The 18F-FDG-PET images were processed to produce 3-dimensional stereotactic surface projections (3D-SSP) and generate z-score maps, using iSSP (version 3.5, Nihon Medi-Physics, Tokyo, Japan). 3D-SSP was created with the Neurological Statistical Image Analysis Software (NEUROSTAT) developed by Minoshima et al. [7]. NEUROSTAT anatomically normalizes the individual PET data to the standard brain and compares the regional voxel data with the normal database, calculating the z-score ([normal mean _ individual value] / normal SD) for each voxel of the cerebral surface, and displays the sites at which voxel value is statistically reduced. The normal database was constructed from 50 control subjects (31 men and 19 women, mean age 57.6 years), with 10 subjects from each of the 5 participating institutions. All control subjects had no memory complaints and no history of neurologic or psychiatric disorders. The results of their neurologic examinations and brain imaging examinations (MRI or CT) were normal, and their cognitive function was judged to be normal by experienced neurologists (MMSE score,25 to 30).

Interpretation of PET images

Three experts, blinded to clinical information, independently assessed the reconstructed PET images. They correlated the 3D-SSP z-score maps to classify the images into the different dementia patterns according to the criteria of Silverman [8]. In these criteria, the findings of FDG-PET are classified into seven interpretive patterns as positive (P1–P3, P1+) or negative (N1–N3) for presence of a progressive neurodegenerative disease in general and AD specifically, compared with results of longitudinal or neuropathological analysis. In which P1 indicates progressive PET pattern consistent with presence of AD showing hypometabolism in parietal/temporal±frontal cortex, while P1+, P2, and P3 indicate progressive PET pattern but not consistent with AD (P1+, the presence abnormal findings other than P1; P2, frontal predominant hypometabolism; P3, hypometabolism of both caudate and lentiform nuclei). N1-N3 patterns indicate all negative scans, in which N1 represents normal metabolism. When the classification of the 3 raters did not match, the cases were discussed, and a consensus result was agreed upon. They referred to patients MRI images to exclude the partial volume effect due to severe atrophy and cerebral vascular lesion, and space-occupying lesions when a local hypometabolic area was observed with the PET image.

PET score

The AD t-sum was calculated, as described in previous publications [9, 10], by using the PALZ module in the PMOD software package (version 3.2, PMOD Technologies, Zurich, Switzerland). The AD t-sum indicates the severity of the metabolic decrease in those brain areas that are typically affected by AD (multimodal association cortices mostly located in the temporal and parietal lobes) and includes adjustment for age effects.

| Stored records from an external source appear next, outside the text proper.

(* (a) Let $V\subset\mathbb R^m$ be a closed convex body centrally symmetric with respect to the origin, with width $w(V)$. For every $x\in\mathbb R^m\setminus V$ and every $P\in\mathcal P_{n,m}$, $$|P(x)|\le T_n\big(2|x|/w(V)\big)\|P\|_{C(V)}.$$ (b) For every $\lambda>0$, $k\in\mathbb Z^m_+$, $x\in\mathbb R^m$ with $|x_j|>\lambda$ for all $j=1,\dots,m$, and every $P\in\mathcal Q_{n,m}$, $$|D^kP(x)|\le\lambda^{-\langle k\rangle}\Big|\prod_{j=1}^mT_n^{(k_j)}(x_j/\lambda)\Big|\,\|P\|_{C(Q^m_\lambda)}.$$
   Context: $|x|$ is the Euclidean norm. The width $w(V)$ is the minimum distance between two parallel supporting hyperplanes of $V$. $\mathcal P_{n,m}$ is the set of polynomials $\sum_{\langle k\rangle\le n}c_kx^k$ in $m$ variables with complex coefficients of total degree at most $n$; $\mathcal Q_{n,m}$ is the set of polynomials $\sum_{k\in\mathbb Z^m_+,\max_jk_j\le n}c_kx^k$ with complex coefficients of degree at most $n$ in each variable. For $k\in\mathbb Z^m_+$: $\langle k\rangle=\sum k_j$, $x^k=\prod x_j^{k_j}$, $D^k=\prod\partial^{k_j}/\partial x_j^{k_j}$. $Q^m_\lambda=\{x:\max_j|x_j|\le\lambda\}$. $T_n(u)=\frac12((u+\sqrt{u^2-1})^n+(u-\sqrt{u^2-1})^n)$ is the Chebyshev polynomial; $\|P\|_{C(S)}=\max_S|P|$. *)

From mathcomp Require Import all_boot all_order all_algebra.
From mathcomp Require Import all_classical all_reals all_analysis.

Set Implicit Arguments.
Unset Strict Implicit.
Unset Printing Implicit Defensive.

Import Order.TTheory GRing.Theory Num.Theory.
From mathcomp.real_closed Require Import complex.
Local Open Scope ring_scope.
Local Open Scope classical_set_scope.

Section Defs.
Variable R : realType.

Definition dotv (m : nat) (x y : 'rV[R]_m) : R := \sum_(j < m) x ord0 j * y ord0 j.
Definition enorm (m : nat) (x : 'rV[R]_m) : R := Num.sqrt (dotv x x).

Definition eclosed (m : nat) (V : set 'rV[R]_m) : Prop :=
  forall x, (forall e : R, 0 < e -> exists2 v, V v & enorm (x - v) < e) -> V x.
Definition convex_set (m : nat) (V : set 'rV[R]_m) : Prop :=
  forall a b (t : R), V a -> V b -> 0 <= t <= 1 -> V (t *: a + (1 - t) *: b).
Definition ebounded (m : nat) (V : set 'rV[R]_m) : Prop :=
  exists M : R, forall v, V v -> enorm v <= M.
Definition nonempty_interior (m : nat) (V : set 'rV[R]_m) : Prop :=
  exists x (r : R), 0 < r /\ forall y, enorm (y - x) < r -> V y.
Definition convex_body (m : nat) (V : set 'rV[R]_m) : Prop :=
  [/\ eclosed V, ebounded V, convex_set V & nonempty_interior V].
Definition centrally_symmetric (m : nat) (V : set 'rV[R]_m) : Prop :=
  forall v, V v -> V (- v).
(* In $\mathrm{OPT}_\tau$, every loop whose entry points lie on $C_{\tau+1}$ (the bottom cover-line of $S_\tau$) either exclusively covers a top segment, or is a cover-line loop. The analogous statement holds for loops with entry points on $C_\tau$ (with bottom segments in place of top segments).
   Context: Instance: vertical line segments in $\mathbb{R}^2$, each of length $1$, with pairwise distinct $x$-coordinates; the minimal bounding box has height $H>3$. A tour is a cyclic sequence of points, each on some segment, with each segment containing one of them; consecutive points are joined by straight legs; cost is total length. $\mathrm{OPT}$ is a fixed oriented minimum-cost tour with no two consecutive points on the same segment and not self-crossing. Cover-lines: horizontal lines $C_1,C_2,\dots$ (top to bottom) spaced $1$ apart, $C_1$ through the bottom tip of the top-most segment; a segment is covered by the top-most cover-line intersecting it. Strip $S_\tau$: closed region between $C_\tau$ and $C_{\tau+1}$; top segments of $S_\tau$: those intersecting $C_\tau$; bottom segments: those covered by $C_{\tau+1}$. $\mathrm{OPT}_\tau$: restriction of $\mathrm{OPT}$ to $S_\tau$ (points added where legs meet the cover-lines), a collection of subpaths each with two entry points on the cover-lines; a loop has both entry points on the same cover-line. A cover-line loop is a loop that enters $S_\tau$ at a point of a cover-line, travels along that cover-line and exits. A segment $s$ in $S_\tau$ is exclusively covered by a path $P$ of $\mathrm{OPT}_\tau$ if $P$ intersects $s$ and no other path of $\mathrm{OPT}_\tau$ intersects $s$. *)

From Stdlib Require Import Reals Lra List ZArith.
Open Scope R_scope.

Definition pt : Type := (R * R)%type.

(** A vertical segment of length 1, given by its x-coordinate and the
    y-coordinate of its bottom tip: {(sx, y) | sb <= y <= sb + 1}. *)
Definition seg : Type := (R * R)%type.
Definition sx (s : seg) : R := fst s.
Definition sb (s : seg) : R := snd s.

Definition on_seg (p : pt) (s : seg) : Prop :=
  fst p = sx s /\ sb s <= snd p <= sb s + 1.

Definition bbox_top (I : list seg) : R :=
  match I with
  | nil => 0
  | s :: r => fold_right (fun s' acc => Rmax (sb s' + 1) acc) (sb s + 1) r
  end.
Definition bbox_bot (I : list seg) : R :=
  match I with
  | nil => 0
  | s :: r => fold_right (fun s' acc => Rmin (sb s') acc) (sb s) r
  end.
Definition bbox_height (I : list seg) : R := bbox_top I - bbox_bot I.

Definition instance (I : list seg) : Prop :=
  I <> nil /\ NoDup (map sx I).

(** Tours: cyclic sequences of points; index arithmetic is modulo length. *)
Definition tpt (T : list pt) (k : nat) : pt := nth (k mod length T) T (0, 0).
(* Consider the Markov chain $\mathcal{G}$ described in the context, with parameters $r\ge1$, $p_c,p_1,\ldots,p_r\in[0,1]$. Assume $p_c<1$ and $p_c\cdot r\cdot\max\{p_1,\ldots,p_r\}<1$. Then for every block $\alpha\in\{1,\ldots,r\}^*$, $$\mathbb{E}[O(s_1^\alpha)]=\frac{\sum_{i=1}^r p_i}{1-p_c\sum_{i=1}^r p_i}\qquad\text{and}\qquad \mathbb{E}[N(s_1^\alpha)]=\frac{r+\sum_{i=1}^r p_i}{1-p_c\sum_{i=1}^r p_i}.$$
   Context: Fix an integer $r\ge 1$ and probabilities $p_c,p_1,\ldots,p_r\in[0,1]$. Words $\alpha\in\{1,\ldots,r\}^*$ (finite sequences, $\varepsilon$ the empty word, $\alpha\cdot i$ concatenation, $r^k$ the word of $k$ letters $r$) are called blocks. The Markov chain $\mathcal{G}$ has the countable state space $\{s_i^\alpha, c_i^\alpha : 1\le i\le r,\ \alpha\in\{1,\ldots,r\}^*\}\cup\{\sharp,\bot\}$, initial state $\sharp$, and the following transition probabilities (all unlisted transitions have probability $0$): $p(\sharp,s_1^\varepsilon)=p_c$, $p(\sharp,\bot)=1-p_c$; $p(s_i^\alpha,c_i^\alpha)=p_i$ for $1\le i\le r$; $p(s_i^\alpha,s_{i+1}^\alpha)=1-p_i$ for $1\le i<r$; $p(c_i^\alpha,s_1^{\alpha\cdot i})=p_c$ for $1\le i\le r$; $p(c_i^\alpha,s_{i+1}^\alpha)=1-p_c$ for $1\le i<r$; for every word of the form $\gamma=\beta\cdot i\cdot r^k$ with $1\le i<r$, $k\ge 0$: $p(s_r^{\gamma},s_{i+1}^\beta)=1-p_r$ and $p(c_r^{\gamma},s_{i+1}^\beta)=1-p_c$; for every $\gamma\in r^*$ (including $\varepsilon$): $p(s_r^\gamma,\bot)=1-p_r$, $p(c_r^\gamma,\bot)=1-p_c$; and $p(\bot,\bot)=1$. The block of $s_i^\alpha$ and of $c_i^\alpha$ is $\alpha$. The output states are the states $c_i^\beta$ (and $\sharp$). For a block $\alpha$ let $E_\alpha=\{s_j^\beta : 1\le j\le r,\ \beta\text{ a proper prefix of }\alpha\}\cup\{\bot\}$. For a state $s$ with block $\alpha$ and the chain $(X_n)$ started at $X_0=s$: $N(s)=\inf\{n\ge0 : X_n\in E_\alpha\}$ is the number of states visited before $E_\alpha$ is first reached, and $O(s)$ is the number of indices $0\le n< N(s)$ such that $X_n$ is an output state (the number of output states visited from $s$ before the block of $s$ is left upward). *)

From HB Require Import structures.
From mathcomp Require Import all_boot all_order all_algebra.
From mathcomp Require Import all_classical all_reals all_analysis.
Set Implicit Arguments. Unset Strict Implicit. Unset Printing Implicit Defensive.
Import Order.TTheory GRing.Theory Num.Theory.
Import numFieldNormedType.Exports.
Local Open Scope classical_set_scope.
Local Open Scope ring_scope.

(* States of the Markov chain G.  [St i a] is s_i^a, [Ct i a] is c_i^a,
   blocks are words over nat (letters are meant to lie in 1..r). *)
Inductive state : Type :=
| St of nat & seq nat
| Ct of nat & seq nat
| Sharp
| Bot.

(* Target of the "leave block upward" transitions from s_r^g / c_r^g:
   g = b . i . r^k with i < r  ->  s_{i+1}^b ;  g in r^*  ->  Bot.
   [up_rev r l] works on l = rev g. *)
Fixpoint up_rev (r : nat) (l : seq nat) : state :=
  match l with
  | [::] => Bot
  | x :: l' => if x == r then up_rev r l' else St x.+1 (rev l')
  end.

Definition up (r : nat) (g : seq nat) : state := up_rev r (rev g).

(* The transition
   probability p(x,y) is the sum of the probabilities of the entries with
   target y; unlisted transitions have probability 0. *)
Definition trans {R : nzRingType} (r : nat) (pc : R) (p : nat -> R) (x : state)
  : seq (state * R) :=
  match x with
  | Sharp => [:: (St 1 [::], pc); (Bot, 1 - pc)]
  | Bot => [:: (Bot, 1)]
  | St i a =>
      if (1 <= i <= r)%N then
        (Ct i a, p i) ::
        (if (i < r)%N then [:: (St i.+1 a, 1 - p i)] else [:: (up r a, 1 - p i)])
      else [::]
  | Ct i a =>
      if (1 <= i <= r)%N then
        (St 1 (rcons a i), pc) ::
        (if (i < r)%N then [:: (St i.+1 a, 1 - pc)] else [:: (up r a, 1 - pc)])
      else [::]
  end.

Definition is_output (x : state) : bool :=
  match x with Ct _ _ | Sharp => true | _ => false end.

Definition inE (r : nat) (alpha : seq nat) (x : state) : bool :=
  match x with
  | St j b => (1 <= j <= r)%N && prefix b alpha && (size b < size alpha)%N
  | Bot => true
  | _ => false
  end.

(* probN n x = P_x( X_0, ..., X_n all outside E_alpha ) = P_x( N > n ). *)
Fixpoint probN {R : nzRingType} (r : nat) (pc : R) (p : nat -> R)
  (alpha : seq nat) (n : nat) (x : state) : R :=
  let av : R := (~~ inE r alpha x)%:R in
  match n with
  | 0 => av
  | n'.+1 => av * \sum_(yq <- trans r pc p x) yq.2 * probN r pc p alpha n' yq.1
  end.
Lemma card_digits m M S : 0 < M -> uniq S -> {in S &, forall x y, `|x - y| < M} ->
  #|` digits m M S| = (m * size S)%N.
Proof.
move=> M_gt0 uniqS S_small; rewrite card_fseq undup_id ?size_allpairs ?size_iota //.
rewrite allpairs_uniq ?iota_uniq // => -[j x] [j' x'] /allpairsP [[? ?] [_ xS [-> ->]]].
move=> /allpairsP [[? ?] [_ x'S [-> ->]]] /= eq_digit.
have jj' := natmulD_inj M_gt0 (S_small _ _ xS x'S) eq_digit.
by move: eq_digit; rewrite jj' => /addrI ->.
Qed.

End Digits.

Section Encoding.
Local Open Scope fset_scope.
Local Open Scope ring_scope.
Variables (R : realFieldType) (A : seq R) (m1 m2 : nat).

(* Elements of [X + A - A], [X] inside [A], have norm at most [3 * \sum_(a <- A) `|a|]. *)
Let M : R := 6 * \sum_(a <- A) `|a| + 1.

Definition encoding_set : {fset R} := digits m1 M A `|` digits m2 (m1%:R * M) (map -%R A).

Lemma card_addfs_encoding_set :
  (#|` addfs [fset a in A] encoding_set| <= m1 * size (sumset A A) + m2 * size (diffset A A))%N.
Proof.
have sub_digits : addfs [fset a in A] encoding_set
    `<=` digits m1 M (sumset A A) `|` digits m2 (m1%:R * M) (diffset A A).
  apply/fsubsetP => _ /addfsP [x xA [_ /fsetUP [] /digitsP [j [b [jm bA] ->]] ->]];
    rewrite inE in xA; apply/fsetUP.
    by left; rewrite addrCA mem_digits ?mem_sumset.
  case/mapP: bA => a aA ->; right.
  by rewrite addrCA mem_digits ?mem_diffset.
apply: leq_trans (fsubset_leq_card sub_digits) _.
by rewrite (leq_trans (leq_card_fsetU _ _)) ?leq_add ?card_digits_le.
Qed.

In this study, the AD t-sums were converted into a PET score dividing them by a previously determined upper normality limit and applying a log transformation to convert them into normally distributed values, according to the following formula [11]: PET score = log2 [(AD t-sum / 11,089) + 1].

MRI

All subjects were scanned with either a 1.5 T or 3T MRI system. T1-weighted 3-dimensional sagittal scans of the brain were acquired using a T1-weighted fast field echo sequence. Images were analyzed using the voxel-based specific regional analysis system for AD (VSRAD® advance, Eisai, Tokyo, Japan), developed based on voxel-based morphometry (VBM) [12-14]. We used the latest version of VSRAD running VBM analysis on the basis of SPM8 plus diffeomorphic anatomical registration using exponentiated Lie algebra (DARTEL). This application automatically analyzed the 3D data as a series of anatomical standardizations, segmentations, and smoothings using these algorithms. Then each processed segmented image was compared to the mean and SD values of the gray matter or white matter images of healthy subjects using voxel-by-voxelz-score analysis. The database for the healthy controls of this software contained data from 40 men and 40 women aged between 54 and 86 years (mean age, 70.2±7.3). In this study, the average z-score in the target volume of interest (VOI) for medial temporal structures, including the entorhinal cortex, head to tail of the hippocampus, and amygdala, was used for further analyses.

Follow-up

Patients were assessed at 1-year intervals for5 years. The CDR, MMSE, EMCL, and WMS-R-LM tests were re-administered at each visit. Repeat 18F-FDG-PET and MRI scans were optional. Conversion to dementia was established when CDR became ≥1.0. No further follow-up of patients reaching CDR ≥1.0 was performed. AD was diagnosed when a patient fulfilled both CDR ≥1.0 and the National Institute of Neurological and Communicative Disorders–Alzheimer’s Disease and Related Disorders Association’s (NINCDS-ADRDA) “probable AD” criteria. The diagnosis of other diseases was based on established clinical criteria, including vascular dementia (VaD) [15], dementia with Lewy bodies (DLB) [16], and frontotemporal dementia(FTD) [17]. Two researchers of the SEAD-J group, blinded to the PET results, established the final clinical outcome of each patient based on the submitted case reports.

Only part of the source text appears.